Some students will stay in Reno

He said a lot of students choose to stay on campus over the Thanksgiving break and not take a chance of bringing the virus home. Others want to stay in Reno and party.
“There is definitely some rebellion,” Buhler-Brown said. “We need to change that. What we do today affects our tomorrow and it affects others… We can act now and make sure that 2021 is better than 2020.”
He’s a fraternity member and said the campaign is especially targeting members of the campus Greek community who have attended parties that helped drive campus case numbers up this semester. Students featured in the campaign’s videos wearing masks and holding up photos of loved ones also are members of fraternities and sororities.
“Words alone aren’t going to work. We can’t just tell people; we have to show them. It’s not all bad. There are students here who really care.” – Ross Buhler-Brown, UNR student working on the #DoItFor2021 campaign.
The awareness campaign, produced in cooperation with the City of Reno andWolf Pack Relations, has already received accolades from UNR President Brian Sandoval. Felts said social media metrics show the effort is reaching 18 to 24-year-olds and being widely shared across platforms.
“We’ll keep an eye on what’s developing,” he said. He noted that the target audience is armored against changing its ways because students’ expectations of the college experience have been so disrupted by the pandemic.

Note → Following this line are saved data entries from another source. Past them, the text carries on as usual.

Lemma xu_cycle_conj n q (r : nat) s x : n = 3%:Z * q + r%:Z ->
  ((r + (size s).+1) %% 3 = 0)%N -> bconj (xu_word n (rcons s x)) (xu_word n (x :: s)).
Proof.
move=> Hn H3; apply: bconj_trans (xu_cycle_last _ _ Hn) _.
have -> : tau ((size s).+1 + r) = tau 0 by apply: tau_mod; lia.
by rewrite /xu_word prodpow_powprod; exact: (bconj_shift n 0 (x :: s)).
Qed.

Lemma xu_rot_conj n q (r : nat) us : n = 3%:Z * q + r%:Z ->
  ((r + size us) %% 3 = 0)%N ->
  forall i, (i <= size us)%N -> bconj (xu_word n us) (xu_word n (rot i us)).
Proof.
move=> Hn H3; elim=> [|i IH] Hi; first by rewrite rot0; exact: bconj_refl.
apply: bconj_trans (IH (ltnW Hi)) _; rewrite rotS //.
case E: (rot i us) => [|x s]; first exact: bconj_refl.
have Hsize : (size s).+1 = size us by rewrite -(size_rot i us) E.
by rewrite rot1_cons; apply: bconj_sym; apply: (xu_cycle_conj _ Hn); rewrite Hsize.
Qed.

(* Otherwise cycling the last block to the front either merges it with the
   first block (fewer blocks) or creates a factor  tau_2 tau_1 = delta
   (larger delta-exponent). *)
Lemma xu_normal_mod3 n us q (r : nat) : xu_normal n us -> (2 <= size us)%N ->
  n = 3%:Z * q + r%:Z -> ((r + size us) %% 3 = 0)%N.
Proof.
move=> [Hpos Hmin] Ht Hn.
case: (lastP us) Hpos Hmin Ht => [|s x] //; case: s => [|u1 mid] // Hpos Hmin _.
have [Hu1 Hx Hmid] : [/\ (0 < u1)%N, (0 < x)%N & pos_exps mid].
  by move: Hpos; rewrite /pos_exps /= all_rcons => /and3P[-> -> ->].
have Hcycle := xu_cycle_last (u1 :: mid) x Hn.
rewrite size_rcons /=; set c := ((size mid).+2 + r)%N in Hcycle.
have : ((r + (size mid).+2) %% 3 < 3)%N by rewrite ltn_mod.
case E: ((r + (size mid).+2) %% 3)%N => [|[|[|]]] // _; exfalso.
- have Hc : tau c = tau 1 by apply: tau_mod; rewrite /c; lia.
  apply: (xu_le_contra (Hmin n ((x + u1)%N :: mid) _ _)).
  + by rewrite /pos_exps /= -/(pos_exps mid) Hmid andbT; lia.
  + apply: bconj_trans Hcycle _.
    by rewrite Hc /xu_word prodpow_powprod /= wpownD -catA; exact: bconj_refl.
  + by right; split => //; rewrite /= size_rcons.
- have Hc : tau c = tau 2 by apply: tau_mod; rewrite /c; lia.
  have Eblocks : wpown (tau c) x ++ powprod tau 1 (u1 :: mid) =
                 blocks ([::] ++ (c, x) :: (1%N, u1) :: xu_blocks 2 mid).
    by rewrite cat0s !blocks_cons blocks_xu.
  have Hred := blocks_reduce n [::] x.-1 u1.-1 (xu_blocks 2 mid) Hc.
  rewrite (prednK Hx) (prednK Hu1) in Hred.
  rewrite Eblocks Hred in Hcycle.
  have [n' [us' [Hus' Hn' Hconj]]] := normalise
    (shift_blocks ([::] ++ [:: (c, x.-1)]) ++ (1%N, u1.-1) :: xu_blocks 2 mid) (n + 1).
  apply: (xu_le_contra (Hmin n' us' Hus' _)); last by left; lia.
  exact: bconj_trans Hcycle Hconj.
Qed.

(* Second consequence of Xu minimality: under r + t = 0 (mod 3) every
   rotation of the exponent sequence is again a conjugate Xu word, so the
   sequence is lexicographically least among its rotations. *)
Lemma xu_normal_rot_min n us q (r : nat) : xu_normal n us -> n = 3%:Z * q + r%:Z ->
  ((r + size us) %% 3 = 0)%N -> forall i, (i < size us)%N -> lexle us (rot i us).
Proof.
move=> [Hpos Hmin] Hn H3 i Hi.
have Hpos_rot : pos_exps (rot i us).
  by rewrite /pos_exps (perm_all _ (introT permPl (perm_rot i us))).
have := Hmin n (rot i us) Hpos_rot (xu_rot_conj Hn H3 (ltnW Hi)).
by rewrite /xu_le size_rot => -[|[_ [|[]]]] //; lia.
Qed.

Lemma lexle_mapS s s' : lexle (map S s) (map S s') = lexle s s'.
Proof. by elim: s s' => [|x s IH] [|y s'] //=; rewrite ltnS eqSS IH. Qed.

Definition a_delta_word (us : seq nat) : word := flatten [seq wpown wa u ++ winv wdelta | u <- us].

(* tau_i = delta^(1-i) a delta^(i-1). *)
Lemma powprod_tau_a us : powprod tau 1 us =b a_delta_word us ++ wpown wdelta (size us).
Proof.
elim: us => [|u us IH] //=.
have Hshift : powprod tau 2 us =b winv wdelta ++ powprod tau 1 us ++ wdelta.
  by rewrite powprod_delta winv_catK.
by rewrite Hshift IH /a_delta_word /= -!catA (wpownSr wdelta).
Qed.

Fixpoint sigma_word (j : nat) (us : seq nat) : word :=
  if us is u :: us' then wpown (sigma j) u ++ sigma j.+1 ++ sigma_word j.+1 us' else [::].

Lemma sigmapow_Delta_inv j u :
  winv wDelta ++ wpown (sigma j) u =b wpown (sigma j.+1) u ++ winv wDelta.
Proof.
elim: u => [|u IH]; first by rewrite /= ?cats0.
by rewrite !wpownS catA sigma_Delta_inv -catA IH catA.
Qed.

Lemma sigma_word_Delta_inv j us :
  winv wDelta ++ sigma_word j us =b sigma_word j.+1 us ++ winv wDelta.
Proof.
elim: us j => [|u us IH] j; first by rewrite /= ?cats0.
rewrite ![sigma_word _ (u :: us)]/= catA sigmapow_Delta_inv -catA.
rewrite (catA (winv wDelta)) sigma_Delta_inv -catA.
by rewrite IH -!catA.
Qed.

‘They didn’t sign up for this’
“One of the fun things about going to college getting away from parents and making decisions on your own,” Felts said. “Then this major health crisis comes along and suddenly the students have to go back home and… what? Take classes in their bedrooms? They didn’t sign up for this. It’s difficult audience. We’re fighting something they have a romantic relationship with.”

The romance vanished in 2020: Roommates are scattered to the winds. Dorms are abandoned. The campus became a ghost town with a few masked specters flitting among buildings that once teemed with youthful energy. A way of life that youngsters had been looking forward to for years is suddenly off limits at the very moment they are on the cusp of adulthood.
“I’m trying to become more empathetic,” Felts said. “We’re doing what is called social-media listening to see which videos may be effective, what’s working. It’s all part of a strategy to reach a large number of students.
“We’re trying to get the message out as widely as we can.”